Thoughts on foreign travel interspersed with experiences and the incredible love of God.

domingo, 29 de enero de 2012

Song

Here is a song I've been thinking about a lot today.  It's a song about how short life is...and learning to hold on to love throughout it.  Enjoy. :-)

Thoughts...

Wow, it's already almost February...

If things keep going this way, I have a feeling I'll be going home for summer before I know it...

Yet there is part of me that holds my breath, wondering if it will really go that smoothly, especially after the eventfulness of last semester.  So far this semester has been productive but peaceful, no big surprises...and thus far the quietness of it has been welcome.

I'm finding I'm not stressing as much as I used to.  Learning to live in today and let tomorrow take care of itself. 

I think it's a mindset that snuck up one me.  A process...  I guess I've just gotten to the point that I don't want to borrow trouble anymore.  Perhaps it came about as a result of looking back with 20/20 vision and seeing a greater hand was guiding things even when I was not aware it was happening.  And maybe it is the result of reaching the end of what I can worry about on my own, and maybe I also just got tired of tormenting myself...

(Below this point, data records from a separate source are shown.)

(* FTC in the variable x_i, which is the outer, middle or inner variable of [intQ]. *)
Lemma intQ_pd_periodic (v : sfield) i : (i < 3)%nat -> scont v -> scont (pd i v) ->
  ex_pd i v -> periodic v -> intQ (pd i v) = 0.
Proof.
  intros Hi Hv Hpv Hex Hper.
  assert (HJ := jcont_on_along v i Hv). assert (HJd := jcont_on_dt_along v i Hpv).
  assert (He := ex_derive_along v i Hex).
  destruct i as [|[|[|i]]]; [| | | lia]; unfold intQ.
  - transitivity (RInt (fun a => int_bc (dt (along v 0)) a 0) 0 1).
    { apply RInt_ext. intros a _. apply RInt_ext. intros b _. apply RInt_ext. intros c _.
      now rewrite dt_along. }
    apply (RInt_derive_periodic01 (fun z => int_bc (along v 0) z 0)).
    + intros a. apply (is_derive_int_bc _ open_true); auto.
    + intros a. apply (continuous_comp (fun z => (z, 0))
        (fun q : R * R => int_bc (dt (along v 0)) (fst q) (snd q)));
        [continuity_of_projections | apply (continuous_int_bc _ open_true); auto].
    + unfold int_bc, int_c, along.
      apply RInt_ext. intros b _. apply RInt_ext. intros c _. now apply periodic_upd.
  - apply RInt01_zero. intros a.
    transitivity (RInt (fun b => int_c (dt (along v 1)) b a 0) 0 1).
    { apply RInt_ext. intros b _. apply RInt_ext. intros c _. now rewrite dt_along. }
    apply (RInt_derive_periodic01 (fun z => int_c (along v 1) z a 0)).
    + intros b. apply (is_derive_int_c _ open_true); auto.
    + intros b. apply (continuous_comp (fun z => (z, a, 0))
        (fun q : R * R * R => int_c (dt (along v 1)) (fst (fst q)) (snd (fst q)) (snd q)));
        [continuity_of_projections | apply (continuous_int_c _ open_true); auto].
    + unfold int_c, along. apply RInt_ext. intros c _. now apply periodic_upd.
  - apply RInt01_zero. intros a. apply RInt01_zero. intros b.
    apply (RInt_derive_periodic01 (fun z => v (a, b, z))).
    + intros c. apply Derive_correct, (Hex (a, b, c)).
    + intros c. apply (continuous_comp (fun z => (a, b, z)) (pd 2 v));
        [continuity_of_projections | apply Hpv].
    + exact (periodic_upd v 2 (a, b, 0) ltac:(lia) Hper).
Qed.

Lemma pd_mult i (h w : sfield) x : ex_pd i h -> ex_pd i w ->
  pd i (fun y => h y * w y) x = pd i h x * w x + h x * pd i w x.
Proof.
  intros Hh Hw. unfold pd.
  rewrite (Derive_mult (fun s => h (upd i x s)) (fun s => w (upd i x s))) by auto.
  rewrite upd_coord. ring.
Qed.

Lemma ex_pd_mult i (h w : sfield) : ex_pd i h -> ex_pd i w -> ex_pd i (fun y => h y * w y).
Proof.
  intros Hh Hw y. apply (ex_derive_mult (fun s => h (upd i y s)) (fun s => w (upd i y s))); auto.
Qed.

Lemma intQ_by_parts i (h w : sfield) : (i < 3)%nat ->
  scont h -> scont w -> scont (pd i h) -> scont (pd i w) ->
  ex_pd i h -> ex_pd i w -> periodic h -> periodic w ->
  intQ (fun x => h x * pd i w x) = - intQ (fun x => pd i h x * w x).
Proof.
  intros Hi Hh Hw Hph Hpw Eh Ew Ph Pw.
  assert (E : forall x, pd i (fun y => h y * w y) x = pd i h x * w x + h x * pd i w x)
    by (intros; apply pd_mult; auto).
  assert (Z : intQ (pd i (fun y => h y * w y)) = 0).
  { apply intQ_pd_periodic; auto using scont_mult, ex_pd_mult.
    - intros x. rewrite (functional_extensionality _ _ E).
      apply scont_plus; apply scont_mult; auto.
    - intros j x Hj. now rewrite (Ph j x Hj), (Pw j x Hj). }
  rewrite (intQ_ext _ _ E), intQ_plus in Z by (apply scont_mult; auto).
  lra.
Qed.

Definition regular (F : tfield) : Prop := smooth_pos F /\ forall t, 0 < t -> periodic (F t).

(* Polynomials in the derivatives of regular fields.  [pdiff d] differentiates formally in
   direction [d] (0 = time, [S i] = x_i) by the product rule, and [peval_regular] shows that it
   computes the true derivative for t > 0; this discharges every regularity side condition of
   the integral calculus below. *)
Inductive pexpr : Type :=
| PDer (F : tfield) (l : list nat)
| PConst (r : R)
| PAdd (e1 e2 : pexpr)
| PMul (e1 e2 : pexpr).

Infix "<+>" := PAdd (at level 50, left associativity).
Infix "<*>" := PMul (at level 40, left associativity).

Definition PField (F : tfield) : pexpr := PDer F nil.
Definition psum3 (f : nat -> pexpr) : pexpr := f 0%nat <+> f 1%nat <+> f 2%nat.

Fixpoint peval (e : pexpr) : tfield :=
  match e with
  | PDer F l => iterD l F
  | PConst r => fun _ _ => r
  | e1 <+> e2 => fun t x => peval e1 t x + peval e2 t x
  | e1 <*> e2 => fun t x => peval e1 t x * peval e2 t x
  end.

Fixpoint pdiff (d : nat) (e : pexpr) : pexpr :=
  match e with
  | PDer F l => PDer F (d :: l)
  | PConst _ => PConst 0
  | e1 <+> e2 => pdiff d e1 <+> pdiff d e2
  | e1 <*> e2 => pdiff d e1 <*> e2 <+> e1 <*> pdiff d e2
  end.

Fixpoint admissible (e : pexpr) : Prop :=
  match e with
  | PDer F _ => regular F
  | PConst _ => True
  | e1 <+> e2 | e1 <*> e2 => admissible e1 /\ admissible e2
  end.

Lemma admissible_pdiff d e : admissible e -> admissible (pdiff d e).
Proof. induction e; simpl; tauto. Qed.

Definition dir_line (d : nat) (F : tfield) (t : R) (x : Pt) : R -> R :=
  match d with 0%nat => fun s => F s x | S i => fun s => F t (upd i x s) end.

Definition dir_base (d : nat) (t : R) (x : Pt) : R :=
  match d with 0%nat => t | S i => coord i x end.

Lemma Dir_line d F t x : Dir d F t x = Derive (dir_line d F t x) (dir_base d t x).
Proof. now destruct d. Qed.

Lemma dir_line_base d F t x : dir_line d F t x (dir_base d t x) = F t x.
Proof. destruct d; simpl; [| rewrite upd_coord]; reflexivity. Qed.

Lemma peval_regular e : admissible e -> forall t x, 0 < t ->
  continuous (fun p : R * Pt => peval e (fst p) (snd p)) (t, x) /\
  forall d, (d < 4)%nat -> ex_derive (dir_line d (peval e) t x) (dir_base d t x) /\
     Dir d (peval e) t x = peval (pdiff d e) t x.
Proof.
  induction e as [F l|r|e1 IH1 e2 IH2|e1 IH1 e2 IH2]; intros He t x Ht.
  - destruct He as [HF _]. destruct (HF l t x Ht) as [H1 [H2 H3]].
    split; [exact H3|]. intros [|i] Hd; (split; [simpl | reflexivity]); [exact H1 | apply H2; lia].
  - split; [apply continuous_const|]. intros d _.
    rewrite Dir_line. destruct d; simpl; split; first [apply ex_derive_const | apply Derive_const].
  - destruct He as [He1 He2].
    destruct (IH1 He1 t x Ht) as [C1 D1], (IH2 He2 t x Ht) as [C2 D2].
    split; [apply (continuous_plus (fun p : R * Pt => peval e1 (fst p) (snd p))); auto|].
    intros d Hd. destruct (D1 d Hd) as [E1 F1], (D2 d Hd) as [E2 F2].
    assert (Hl : dir_line d (peval (e1 <+> e2)) t x
                 = fun s => dir_line d (peval e1) t x s + dir_line d (peval e2) t x s)
      by now destruct d.
    rewrite Dir_line, Hl. split; [apply (ex_derive_plus _ _ _ E1 E2)|].
    rewrite Derive_plus, <- !Dir_line, F1, F2 by auto. reflexivity.
  - destruct He as [He1 He2].
    destruct (IH1 He1 t x Ht) as [C1 D1], (IH2 He2 t x Ht) as [C2 D2].
    split; [apply (continuous_mult (fun p : R * Pt => peval e1 (fst p) (snd p))); auto|].
    intros d Hd. destruct (D1 d Hd) as [E1 F1], (D2 d Hd) as [E2 F2].
    assert (Hl : dir_line d (peval (e1 <*> e2)) t x
                 = fun s => dir_line d (peval e1) t x s * dir_line d (peval e2) t x s)
      by now destruct d.
    rewrite Dir_line, Hl. split; [apply (ex_derive_mult _ _ _ E1 E2)|].
    rewrite Derive_mult, <- !Dir_line, F1, F2, !dir_line_base by auto. reflexivity.
Qed.

Lemma locally_pos t : 0 < t -> locally t (fun s => 0 < s).
Proof.
  intros Ht. exists (mkposreal t Ht). intros y Hy. change (Rabs (y - t) < t) in Hy.
  apply Rabs_def2 in Hy. lra.
Qed.

Lemma Derive_periodic (f : R -> R) a : (forall s, f (s + 1) = f s) -> Derive f (a + 1) = Derive f a.
Proof.
  intros Hf. unfold Derive. f_equal. apply Lim_ext. intros h.
  replace (a + 1 + h) with ((a + h) + 1) by ring. now rewrite !Hf.
Qed.

Lemma periodic_pd g i : periodic g -> periodic (pd i g).
Proof.
  intros Hg j x Hj. destruct x as [[a b] c].
  pose proof (fun s => Hg j (s, b, c) Hj) as H1.
  pose proof (fun s => Hg j (a, s, c) Hj) as H2.
  pose proof (fun s => Hg j (a, b, s) Hj) as H3.
  destruct j as [|[|[|j]]]; try lia; destruct i as [|[|i]]; unfold pd, shift1 in *; simpl in *;
    (apply Derive_periodic || apply Derive_ext); auto.
Qed.

Lemma periodic_iterD F l : regular F -> forall t, 0 < t -> periodic (iterD l F t).
Proof.
  intros [_ HF]. induction l as [|[|i] l IH]; intros t Ht; simpl; auto using periodic_pd.
  intros j x Hj. unfold dt. apply Derive_ext_loc.
  apply (filter_imp (fun s => 0 < s)); [| now apply locally_pos].
  intros s Hs. now apply IH.
Qed.

Lemma periodic_peval e t : admissible e -> 0 < t -> periodic (peval e t).
Proof.
  induction e as [F l|r|e1 IH1 e2 IH2|e1 IH1 e2 IH2]; intros He Ht j x Hj; simpl in *.
  - now apply periodic_iterD.
  - reflexivity.
  - destruct He. now rewrite IH1, IH2.
  - destruct He. now rewrite IH1, IH2.
Qed.

Lemma scont_peval e t : admissible e -> 0 < t -> scont (peval e t).
Proof.
  intros He Ht x. destruct (peval_regular e He t x Ht) as [C _].
  apply (continuous_comp (fun y : Pt => (t, y)) (fun p : R * Pt => peval e (fst p) (snd p)));
    [continuity_of_projections | exact C].
Qed.

Lemma ex_pd_peval e t i : admissible e -> 0 < t -> (i < 3)%nat -> ex_pd i (peval e t).
Proof.
  intros He Ht Hi y. destruct (peval_regular e He t y Ht) as [_ D].
  apply (D (S i)). lia.
Qed.

Lemma pd_peval e t i : admissible e -> 0 < t -> (i < 3)%nat ->
  pd i (peval e t) = peval (pdiff (S i) e) t.
Proof.
  intros He Ht Hi. apply functional_extensionality. intros y.
  destruct (peval_regular e He t y Ht) as [_ D]. apply (D (S i)). lia.
Qed.

Lemma dt_peval e t x : admissible e -> 0 < t -> dt (peval e) t x = peval (pdiff 0 e) t x.
Proof. intros He Ht. destruct (peval_regular e He t x Ht) as [_ D]. apply (D 0%nat). lia. Qed.

Lemma intQ_peval_add e1 e2 t : admissible e1 -> admissible e2 -> 0 < t ->
  intQ (peval (e1 <+> e2) t) = intQ (peval e1 t) + intQ (peval e2 t).
Proof.
  intros.
  change (intQ (fun x => peval e1 t x + peval e2 t x) = intQ (peval e1 t) + intQ (peval e2 t)).
  apply intQ_plus; now apply scont_peval.
Qed.

Lemma intQ_peval_scal c e t : admissible e -> 0 < t ->
  intQ (peval (PConst c <*> e) t) = c * intQ (peval e t).
Proof.
  intros. change (intQ (fun x => c * peval e t x) = c * intQ (peval e t)).
  apply intQ_scal. now apply scont_peval.
Qed.

Lemma intQ_peval_psum3 f t : (forall i, (i < 3)%nat -> admissible (f i)) -> 0 < t ->
  intQ (peval (psum3 f) t) = sum3 (fun i => intQ (peval (f i) t)).
Proof.
  intros Hf Ht. unfold psum3, sum3.
  rewrite !intQ_peval_add; auto; try (apply Hf; lia). split; apply Hf; lia.
Qed.

Lemma sum3_ext (a b : nat -> R) : (forall i, (i < 3)%nat -> a i = b i) -> sum3 a = sum3 b.
Proof. intros H. unfold sum3. rewrite !H by lia. reflexivity. Qed.

Lemma intQ_peval_psum3_psum3 f t :
  (forall i j, (i < 3)%nat -> (j < 3)%nat -> admissible (f i j)) -> 0 < t ->
  intQ (peval (psum3 (fun i => psum3 (fun j => f i j))) t)
  = sum3 (fun i => sum3 (fun j => intQ (peval (f i j) t))).
Proof.
  intros Hf Ht. rewrite intQ_peval_psum3; auto.
  - apply sum3_ext. intros i Hi. apply intQ_peval_psum3; auto.
  - intros i Hi. unfold psum3. repeat split; apply Hf; lia.
Qed.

Whatever the reason, I have found myself relaxing more.  Living today.  Trusting that tomorrow I will have the energy to walk through whatever tomorrow brings...

And so far it's working well.

I look back at the last week and tend to think it was a quiet week...but I think it's just that my perspective has changed.  If I had been looking for something to worry about, there would have been plenty to choose from.  But being aware and then trusting...it's far, far better.

domingo, 22 de enero de 2012

And my buddies...

the fleas. 

That's right--they're back again.  Not full force, but enough to let me know they're there.  Not sure if they are in the house or just jumping on me in the street to say hello.

I was thinking today, though--with how prevalent fleas were in the Middle Ages, I would think my ancestors would have developed an immunity over time that would have worked its way down to me...

But apparently not.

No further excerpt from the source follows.